- PROBLEM -
Go to the line holding "have /asboolP/fg_left_idealP[X yE]" in the entries below and write out exactly every line down to and including the line holding "Lemma splitting_projective_fg_ideal (C".
=-=-=-=-=
(* For q large, the invariant 2 p^(a_k) <= q^(tau-1)
   propagates along k by the two previous lemmas, contradicting a_k -> oo. *)
Lemma xval_few_coprime b (Pi : Z -> Prop) tau : prime p -> Pi p ->
  2 <= (INR M - 1) * (tau - 2) ->
  exists N : Z, forall q : Z, inQ Pi q -> approx tau (xval b) q -> (q <= N)%Z.
Proof.
  intros Hp HPi HM; pose proof ln_p_bounds.
  assert (Htau : 0 < tau - 2) by (pose proof (le_INR 2 M M_ge2); simpl in *; nra).
  set (c := (11 * ln 2 + ln (IZR p)) / (tau - 2)).
  exists (up (exp c)); intros q [Hq1 Hcop] [P HP].
  destruct (Z_le_gt_dec q (up (exp c))) as [|Hgt]; [assumption|exfalso].
  set (L := ln (IZR q)) in *.
  assert (HL : 11 * ln 2 + ln (IZR p) < (tau - 2) * L).
  { assert (Hc : c < L).
    { unfold L; rewrite <- (ln_exp c); apply ln_increasing; [apply exp_pos|].
      pose proof (archimed (exp c)) as [Hup _].
      pose proof (IZR_lt _ _ (Z.gt_lt _ _ Hgt)); lra. }
    unfold c in Hc; apply Rlt_div_l in Hc; lra. }
  assert (Hinv : forall k, ln 2 + lden b k <= (tau - 1) * L).
  { induction k as [|k IH].
    - unfold lden; simpl expo; rewrite Rmult_1_l; nra.
    - pose proof (coprime_step b k q P tau Hp Hq1 (Hcop p HPi) HP IH) as Hstep.
      fold L in Hstep.
      pose proof (lden_growth b k) as Hg; rewrite plus_INR in Hg.
      pose proof (pos_INR k); pose proof (lden_nonneg b k).
      apply (log_bound_propagates (INR M - 1) tau (ln 2) L (lden b k)); try lra.
      + pose proof (le_INR 2 M M_ge2); simpl in *; lra.
      + nra. }
  destruct (lden_unbounded b ((tau - 1) * L)) as [k Hk].
  specialize (Hinv k); lra.
Qed.

Lemma xval_Wstar b (Pi : Z -> Prop) tau : prime p -> Pi p ->
  tau + 1 < INR M -> 2 <= (INR M - 1) * (tau - 2) -> Wstar tau Pi (xval b).
Proof.
  intros Hp HPi HM1 HM2; split.
  - apply xval_many_approx; assumption.
  - apply xval_few_coprime; assumption.
Qed.

Lemma expo_prefix b b' k : (forall i, (i < k)%nat -> b i = b' i) ->
  forall j, (j <= k)%nat -> expo M b j = expo M b' j.
Proof.
  intros Hagree j; induction j as [|j IH]; intro Hj; [reflexivity|].
  simpl; rewrite IH, Hagree by lia; reflexivity.
Qed.

Lemma partial_prefix b b' k : (forall i, (i < k)%nat -> b i = b' i) ->
  partial b k = partial b' k.
Proof.
  intro Hagree; apply sum_eq; intros j Hj.
  unfold term, denom; rewrite (expo_prefix b b' k Hagree j Hj); reflexivity.
Qed.
(* Let $K$, $I$, $I'$, $\lambda_0$ and $f_2^{\mathrm{tr}}$ be as in the context, and suppose $\mathbb P(I\cap I'\ne\emptyset)<1$. Then $\sup_{\mathrm{tr}\in\mathbb N}\mathrm{tr}\,f_2^{\mathrm{tr}}(\lambda)<\infty$ for all $\lambda<\lambda_0$.
   Context: Let $K$ be a probability distribution on $\mathbb N=\{1,2,\dots\}$ (with $\lim_{n\to\infty}\log K(n)/\log n=-(1+\alpha)$ for some $\alpha\in[0,\infty)$). Let $I$ and $I'$ be the sets of renewal times in $\mathbb N$ (excluding $0$) of two independent renewal processes started at $0$ with inter-arrival law $K$, and $\lambda_0:=-\log\mathbb P(I\cap I'\ne\emptyset)$. For $\mathrm{tr}\in\mathbb N$ let $K^{\mathrm{tr}}(n)=K(n)$ for $1\le n\le\mathrm{tr}-1$, $K^{\mathrm{tr}}(\mathrm{tr})=\sum_{m\ge\mathrm{tr}}K(m)$, $K^{\mathrm{tr}}(n)=0$ for $n>\mathrm{tr}$. Let $J,J'\subseteq\mathbb N_0$ be the renewal sets (containing $0$) of two independent renewal processes started at $0$ with inter-arrival law $K^{\mathrm{tr}}$, and define $f_2^{\mathrm{tr}}(\lambda):=\lim_{n\to\infty}\frac1n\log E\big[\exp\big(\lambda\sum_{k=0}^{n-1}1_{\{k\in J\cap J'\}}\big)\big]$. *)

From HB Require Import structures.
From mathcomp Require Import all_boot all_order all_algebra.
From mathcomp Require Import all_classical all_reals all_analysis.
Unset Printing Implicit Defensive.
Import Order.TTheory GRing.Theory Num.Theory.
Import numFieldNormedType.Exports.
Local Open Scope ring_scope.

Section Renewal.
Variable R : realType.
(* For a ring $R$ with identity, the following are equivalent: (i) $R$ is left semi-hereditary (equivalently, $R\text{-Mod}$ is $1$-hereditary); (ii) for every matrix $A\in\mathbf{M}_{k\times m}(R)$ there exists a matrix $B\in\mathbf{M}_{t\times k}(R)$ (for some $t\ge1$) such that (a) for every $X\in\mathbf{M}_{1\times k}(R)$, $XA=0$ if and only if $X=YB$ for some $Y\in\mathbf{M}_{1\times t}(R)$, and (b) there exists $C\in\mathbf{M}_{k\times k}(R)$ with $BC=0$ and $CA=A$.
   Context: $R$ is left semi-hereditary if every finitely generated left ideal (equivalently, every finitely generated submodule of a finitely generated projective left module) is projective; equivalently every finitely presented left $R$-module has projective dimension $\le1$. *)

From HB Require Import structures.
From mathcomp Require Import all_boot all_order all_algebra.
Set Implicit Arguments. Unset Strict Implicit. Unset Printing Implicit Defensive.
Import GRing.Theory.
Local Open Scope ring_scope.

Definition is_lin (R : pzRingType) (M N : lmodType R) (f : M -> N) : Prop :=
  forall (a : R) (x y : M), f (a *: x + y) = a *: f x + f y.

Definition lin_on (R : pzRingType) (V N : lmodType R) (S : V -> Prop)
  (g : V -> N) : Prop :=
  (forall x y, S x -> S y -> g (x + y) = g x + g y) /\
  (forall (a : R) x, S x -> g (a *: x) = a *: g x).

Definition projective_submod (R : pzRingType) (V : lmodType R) (S : V -> Prop)
  : Prop :=
  forall (M N : lmodType R) (f : M -> N), is_lin f ->
    (forall y : N, exists x : M, f x = y) ->
    forall g : V -> N, lin_on S g ->
      exists h : V -> M, lin_on S h /\ (forall x, S x -> f (h x) = g x).

Definition fg_left_ideal (R : pzRingType) (n : nat) (a : 'I_n -> R) : R -> Prop :=
  fun x => exists r : 'I_n -> R, x = \sum_(i < n) r i * a i.

Definition left_semihereditary (R : pzRingType) : Prop :=
  forall (n : nat) (a : 'I_n -> R),
    @projective_submod R R^o (fg_left_ideal a).

From HB Require Import structures.
From mathcomp Require Import all_boot all_order all_algebra boolp.
Set Implicit Arguments. Unset Strict Implicit. Unset Printing Implicit Defensive.
Import GRing.Theory.
Local Open Scope ring_scope.

(* A finitely generated left ideal R a_1 + ... + R a_n is projective iff the
   surjection X |-> X a from row vectors onto it splits, i.e. iff some square
   matrix C satisfies C a = a and X C = 0 whenever X a = 0: the rows of C are
   the images of the generators under the splitting.  Such splitting matrices
   pass from columns to arbitrary matrices, since if C1 splits A1 and C2 splits
   (1 - C1) A2 then C1 + C2 (1 - C1) splits [A1 A2].  For a splitting matrix C
   of A, the rows of B = 1 - C generate the left kernel of A and B C = 0;
   conversely (a) and (b) make C a splitting matrix of A. *)

Section Splitting.
Variable R : pzRingType.

(* X A |-> X C is then a well-defined section of X |-> X A. *)
Definition mx_splitting k m (C : 'M[R]_k) (A : 'M[R]_(k, m)) : Prop :=
  C *m A = A /\ forall X : 'rV_k, X *m A = 0 -> X *m C = 0.

Lemma mx_splitting_eq k m (C : 'M[R]_k) (A : 'M[R]_(k, m)) (X Y : 'rV_k) :
  mx_splitting C A -> X *m A = Y *m A -> X *m C = Y *m C.
Proof.
move=> [_ kerC] /eqP; rewrite -subr_eq0 -mulmxBl => /eqP/kerC.
by move/eqP; rewrite mulmxBl subr_eq0 => /eqP.
Qed.

Lemma mx_splitting_row_mx k m1 m2 (C1 C2 : 'M[R]_k)
    (A1 : 'M[R]_(k, m1)) (A2 : 'M[R]_(k, m2)) :
  mx_splitting C1 A1 -> mx_splitting C2 ((1%:M - C1) *m A2) ->
  mx_splitting (C1 + C2 *m (1%:M - C1)) (row_mx A1 A2).
Proof.
move=> [C1A1 ker1] [C2A2 ker2]; set D := 1%:M - C1.
have DA1 : D *m A1 = 0 by rewrite mulmxBl mul1mx C1A1 subrr.
have C1D : C1 + D = 1%:M by rewrite addrC subrK.
split.
  rewrite mulmxDl !mul_mx_row -!mulmxA DA1 C2A2 mulmx0.
  by rewrite add_row_mx C1A1 addr0 -mulmxDl C1D mul1mx.
move=> X; rewrite mul_mx_row -row_mx0 => /eq_row_mx[XA1 XA2].
have XC1 := ker1 X XA1.
have XD : X *m D = X by rewrite mulmxBr mulmx1 XC1 subr0.
have XC2 : X *m C2 = 0 by apply: ker2; rewrite mulmxA XD.
by rewrite mulmxDr XC1 mulmxA XC2 mul0mx addr0.
Qed.

Lemma mx_splitting_from_columns k :
  (forall v : 'cV[R]_k, exists C, mx_splitting C v) ->
  forall m (A : 'M[R]_(k, m)), exists C, mx_splitting C A.
Proof.
move=> split_col; elim=> [|m IHm] A.
  by exists 0; split=> [|X _]; [apply/matrixP => ? [] | exact: mulmx0].
have [C1 splitC1] := split_col (lsubmx (A : 'M_(k, 1 + m))).
have [C2 splitC2] := IHm ((1%:M - C1) *m rsubmx (A : 'M_(k, 1 + m))).
exists (C1 + C2 *m (1%:M - C1)).
by rewrite -[A](@hsubmxK _ _ 1 m); exact: mx_splitting_row_mx splitC1 splitC2.
Qed.

Lemma mx_splitting_kernel k m (C : 'M[R]_k) (A : 'M[R]_(k, m)) :
  mx_splitting C A ->
  forall X : 'rV_k, X *m A = 0 <-> exists Y : 'rV_k, X = Y *m (1%:M - C).
Proof.
move=> [CA kerC] X; split=> [/kerC XC | [Y ->]].
  by exists X; rewrite mulmxBr mulmx1 XC subr0.
by rewrite -mulmxA mulmxBl mul1mx CA subrr mulmx0.
Qed.

Lemma mx_splitting_complK k m (C : 'M[R]_k) (A : 'M[R]_(k, m)) :
  mx_splitting C A -> (1%:M - C) *m C = 0.
Proof.
move=> splitC; apply/row_matrixP => i; rewrite row_mul row0.
apply: splitC.2; apply/(mx_splitting_kernel splitC).
by exists (delta_mx 0 i); rewrite rowE.
Qed.

Lemma kernel_generators_splitting k m t (A : 'M[R]_(k, m)) (B : 'M[R]_(t, k))
    (C : 'M[R]_k) :
  (forall X : 'rV_k, X *m A = 0 <-> exists Y : 'rV_t, X = Y *m B) ->
  B *m C = 0 -> C *m A = A -> mx_splitting C A.
Proof.
move=> kerB BC CA; split=> // X /kerB[Y ->].
by rewrite -mulmxA BC mulmx0.
Qed.

End Splitting.

Lemma lin_on0 (R : pzRingType) (V N : lmodType R) (S : V -> Prop) (g : V -> N) :
  lin_on S g -> S 0 -> g 0 = 0.
Proof. by move=> [_ gZ] S0; move: (gZ 0 0 S0); rewrite !scale0r. Qed.

Section IsLin.
Variables (R : pzRingType) (M N : lmodType R) (f : M -> N).
Hypothesis f_lin : is_lin f.

Lemma is_lin0 : f 0 = 0.
Proof. by have := f_lin (-1) 0 0; rewrite scaler0 add0r scaleN1r addNr. Qed.

Lemma is_linD x y : f (x + y) = f x + f y.
Proof. by have := f_lin 1 x y; rewrite scale1r scale1r. Qed.

Lemma is_linZ c x : f (c *: x) = c *: f x.
Proof. by have := f_lin c x 0; rewrite !addr0 is_lin0 addr0. Qed.

Lemma is_lin_sum (I : Type) (r : seq I) (P : pred I) (F : I -> M) :
  f (\sum_(i <- r | P i) F i) = \sum_(i <- r | P i) f (F i).
Proof. exact: (big_morph f is_linD is_lin0). Qed.

End IsLin.

Section FgLeftIdeal.
Variables (R : pzRingType) (n : nat) (a : 'I_n -> R).

Lemma mulmx_col_coef (X : 'rV[R]_n) :
  (X *m \col_i a i) 0 0 = \sum_i X 0 i * a i.
Proof. by rewrite mxE; apply: eq_bigr => i _; rewrite mxE. Qed.

Lemma fg_left_idealP x :
  fg_left_ideal a x <-> exists X : 'rV_n, x = (X *m \col_i a i) 0 0.
Proof.
split=> [[r ->] | [X ->]]; last by exists (X 0); rewrite mulmx_col_coef.
by exists (\row_i r i); rewrite mulmx_col_coef; apply: eq_bigr => i _; rewrite mxE.
Qed.

Lemma fg_left_ideal0 : fg_left_ideal a 0.
Proof. by apply/fg_left_idealP; exists 0; rewrite mul0mx mxE. Qed.

Lemma fg_left_idealD x y :
  fg_left_ideal a x -> fg_left_ideal a y -> fg_left_ideal a (x + y).
Proof.
move=> /fg_left_idealP[X ->] /fg_left_idealP[Y ->].
by apply/fg_left_idealP; exists (X + Y); rewrite mulmxDl [RHS]mxE.
Qed.

Lemma fg_left_idealMl c x : fg_left_ideal a x -> fg_left_ideal a (c * x).
Proof.
move=> /fg_left_idealP[X ->].
by apply/fg_left_idealP; exists (c *: X); rewrite -scalemxAl [RHS]mxE.
Qed.

Lemma fg_left_ideal_gen i : fg_left_ideal a (a i).
Proof. by apply/fg_left_idealP; exists (delta_mx 0 i); rewrite -rowE !mxE. Qed.

Lemma lin_on_fg_sum (N : lmodType R) (h : R^o -> N) :
  @lin_on _ R^o _ (fg_left_ideal a) h ->
  forall X : 'rV_n, h ((X *m \col_i a i) 0 0) = \sum_i X 0 i *: h (a i).
Proof.
move=> h_lin X; have [hD hZ] := h_lin; rewrite mulmx_col_coef.
suff [] : fg_left_ideal a (\sum_i X 0 i * a i) /\
          h (\sum_i X 0 i * a i) = \sum_i X 0 i *: h (a i) by [].
elim/big_rec2: _ => [|i x y _ [Sx <-]].
  by split; [exact: fg_left_ideal0 | exact: lin_on0 h_lin fg_left_ideal0].
have Sai := fg_left_idealMl (X 0 i) (fg_left_ideal_gen i).
split; first exact: fg_left_idealD.
by rewrite hD // hZ //; exact: fg_left_ideal_gen.
Qed.

Definition fg_ideal_pred : {pred R^o} := fun x => `[< fg_left_ideal a x >].

Lemma fg_ideal_submod_closed : submod_closed fg_ideal_pred.
Proof.
split=> [|c x y /asboolP Sx /asboolP Sy]; apply/asboolP; first exact: fg_left_ideal0.
exact/fg_left_idealD/Sy/fg_left_idealMl.
Qed.

HB.instance Definition _ := GRing.isSubmodClosed.Build R R^o fg_ideal_pred
  fg_ideal_submod_closed.

Definition fg_ideal := {x : R^o | x \in fg_ideal_pred}.
HB.instance Definition _ := SubType.copy fg_ideal {x : R^o | x \in fg_ideal_pred}.
HB.instance Definition _ := [Choice of fg_ideal by <:].
HB.instance Definition _ := [SubChoice_isSubZmodule of fg_ideal by <:].
HB.instance Definition _ := [SubZmodule_isSubLmodule of fg_ideal by <:].

Lemma projective_fg_ideal_splitting :
  @projective_submod R R^o (fg_left_ideal a) ->
  exists C : 'M_n, mx_splitting C (\col_i a i).
Proof.
move=> proj_a.
have coef_in (X : 'rV_n) : (X *m \col_i a i) 0 0 \in fg_ideal_pred.
  by apply/asboolP/fg_left_idealP; exists X.
pose f (X : 'rV_n) : fg_ideal := Sub ((X *m \col_i a i) 0 0) (coef_in X).
have f_lin : is_lin f.
  by move=> c X Y; apply: val_inj; rewrite /= mulmxDl -scalemxAl !mxE.
have f_surj y : exists X, f X = y.
  have /asboolP/fg_left_idealP[X yE] := valP y.
  by exists X; apply: val_inj; rewrite yE.
pose g (x : R^o) : fg_ideal := insubd 0 x.
have gK x : fg_left_ideal a x -> val (g x) = x by move=> Sx; rewrite insubdK //; apply/asboolP.
have g_lin : @lin_on _ R^o _ (fg_left_ideal a) g.
  split=> [x y Sx Sy | c x Sx]; apply: val_inj; rewrite /= !gK //.
    exact: fg_left_idealD.
  exact: fg_left_idealMl.
have [h [h_lin fh]] := proj_a _ _ f f_lin f_surj g g_lin.
exists (\matrix_i h (a i)); split.
  apply/colP => i; have := congr1 val (fh _ (fg_left_ideal_gen i)).
  rewrite gK /=; last exact: fg_left_ideal_gen.
  by move=> hai; rewrite !mxE -hai mxE; apply: eq_bigr => j _; rewrite mxE.
move=> X XA; rewrite mulmx_sum_row; under eq_bigr do rewrite rowK.
by rewrite -lin_on_fg_sum // XA mxE (lin_on0 h_lin fg_left_ideal0).
Qed.

Lemma splitting_projective_fg_ideal (C : 'M[R]_n) :
  mx_splitting C (\col_i a i) -> @projective_submod R R^o (fg_left_ideal a).
Proof.
move=> splitC M N f f_lin f_surj g g_lin.
have [lift f_lift] := choice (fun j => f_surj (g (a j))).
have coords_ex x : exists X : 'rV_n,
    fg_left_ideal a x -> x = (X *m \col_i a i) 0 0.
  have [/fg_left_idealP[X xE] | nSx] := EM (fg_left_ideal a x); first by exists X.
  by exists 0.
have [coords coordsK] := choice coords_ex.
pose psi (X : 'rV_n) := \sum_j (X *m C) 0 j *: lift j.
have psiE X Y : (X *m \col_i a i) 0 0 = (Y *m \col_i a i) 0 0 -> psi X = psi Y.
  move=> XY; rewrite /psi (mx_splitting_eq (Y := Y) splitC) //.
  by apply/rowP => j; rewrite ord1.
have psiD X Y : psi (X + Y) = psi X + psi Y.
  by rewrite /psi -big_split; apply: eq_bigr => j _; rewrite mulmxDl mxE scalerDl.
have psiZ c X : psi (c *: X) = c *: psi X.
  by rewrite /psi scaler_sumr; apply: eq_bigr => j _; rewrite -scalemxAl mxE scalerA.
have f_psi X : f (psi X) = g ((X *m \col_i a i) 0 0).
  rewrite is_lin_sum //; under eq_bigr do rewrite is_linZ // f_lift.
  by rewrite -lin_on_fg_sum // -mulmxA splitC.1.
exists (psi \o coords); split; last by move=> x Sx; rewrite /= f_psi -coordsK.
split=> [x y Sx Sy | c x Sx] /=.
  rewrite -psiD; apply: psiE; rewrite mulmxDl [RHS]mxE -!coordsK //.
  exact: fg_left_idealD.
rewrite -psiZ; apply: psiE; rewrite -scalemxAl [RHS]mxE -!coordsK //.
exact: fg_left_idealMl.
Qed.

End FgLeftIdeal.

Lemma left_semihereditaryP (R : pzRingType) :
  left_semihereditary R <->
  forall n (v : 'cV[R]_n), exists C : 'M_n, mx_splitting C v.
Proof.
split=> [semih n v | split_col n a].
  have vE : \col_i v i 0 = v by apply/colP => i; rewrite mxE.
  by rewrite -vE; apply: projective_fg_ideal_splitting.
have [C splitC] := split_col n (\col_i a i).
exact: splitting_projective_fg_ideal splitC.
Qed.

Theorem corollary5p6 (R : pzRingType) :
  left_semihereditary R <->
  (forall (k m : nat) (A : 'M[R]_(k, m)), (0 < k)%N -> (0 < m)%N ->
     exists (t : nat) (B : 'M[R]_(t, k)),
       (0 < t)%N /\
       (forall X : 'rV[R]_k, X *m A = 0 <-> exists Y : 'rV[R]_t, X = Y *m B) /\
       (exists C : 'M[R]_k, B *m C = 0 /\ C *m A = A)).
Proof.
rewrite left_semihereditaryP; split=> [split_col k m A k_gt0 _ | split_mx n v].
  have [C splitC] := mx_splitting_from_columns (split_col k) A.
  exists k, (1%:M - C); split=> //; split; first exact: mx_splitting_kernel.
  by exists C; split; [exact: mx_splitting_complK splitC | exact: splitC.1].
case: n v => [|n] v.
  by exists 0; split=> [|X _]; [apply/matrixP => -[] | exact: mulmx0].
have [t [B [_ [kerB [C [BC CA]]]]]] := split_mx _ _ v isT isT.
by exists C; exact: kernel_generators_splitting kerB BC CA.
Qed.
=-=-=-=-=
- PROBLEM SOLUTION -
  have /asboolP/fg_left_idealP[X yE] := valP y.
  by exists X; apply: val_inj; rewrite yE.
pose g (x : R^o) : fg_ideal := insubd 0 x.
have gK x : fg_left_ideal a x -> val (g x) = x by move=> Sx; rewrite insubdK //; apply/asboolP.
have g_lin : @lin_on _ R^o _ (fg_left_ideal a) g.
  split=> [x y Sx Sy | c x Sx]; apply: val_inj; rewrite /= !gK //.
    exact: fg_left_idealD.
  exact: fg_left_idealMl.
have [h [h_lin fh]] := proj_a _ _ f f_lin f_surj g g_lin.
exists (\matrix_i h (a i)); split.
  apply/colP => i; have := congr1 val (fh _ (fg_left_ideal_gen i)).
  rewrite gK /=; last exact: fg_left_ideal_gen.
  by move=> hai; rewrite !mxE -hai mxE; apply: eq_bigr => j _; rewrite mxE.
move=> X XA; rewrite mulmx_sum_row; under eq_bigr do rewrite rowK.
by rewrite -lin_on_fg_sum // XA mxE (lin_on0 h_lin fg_left_ideal0).
Qed.

Lemma splitting_projective_fg_ideal (C : 'M[R]_n) :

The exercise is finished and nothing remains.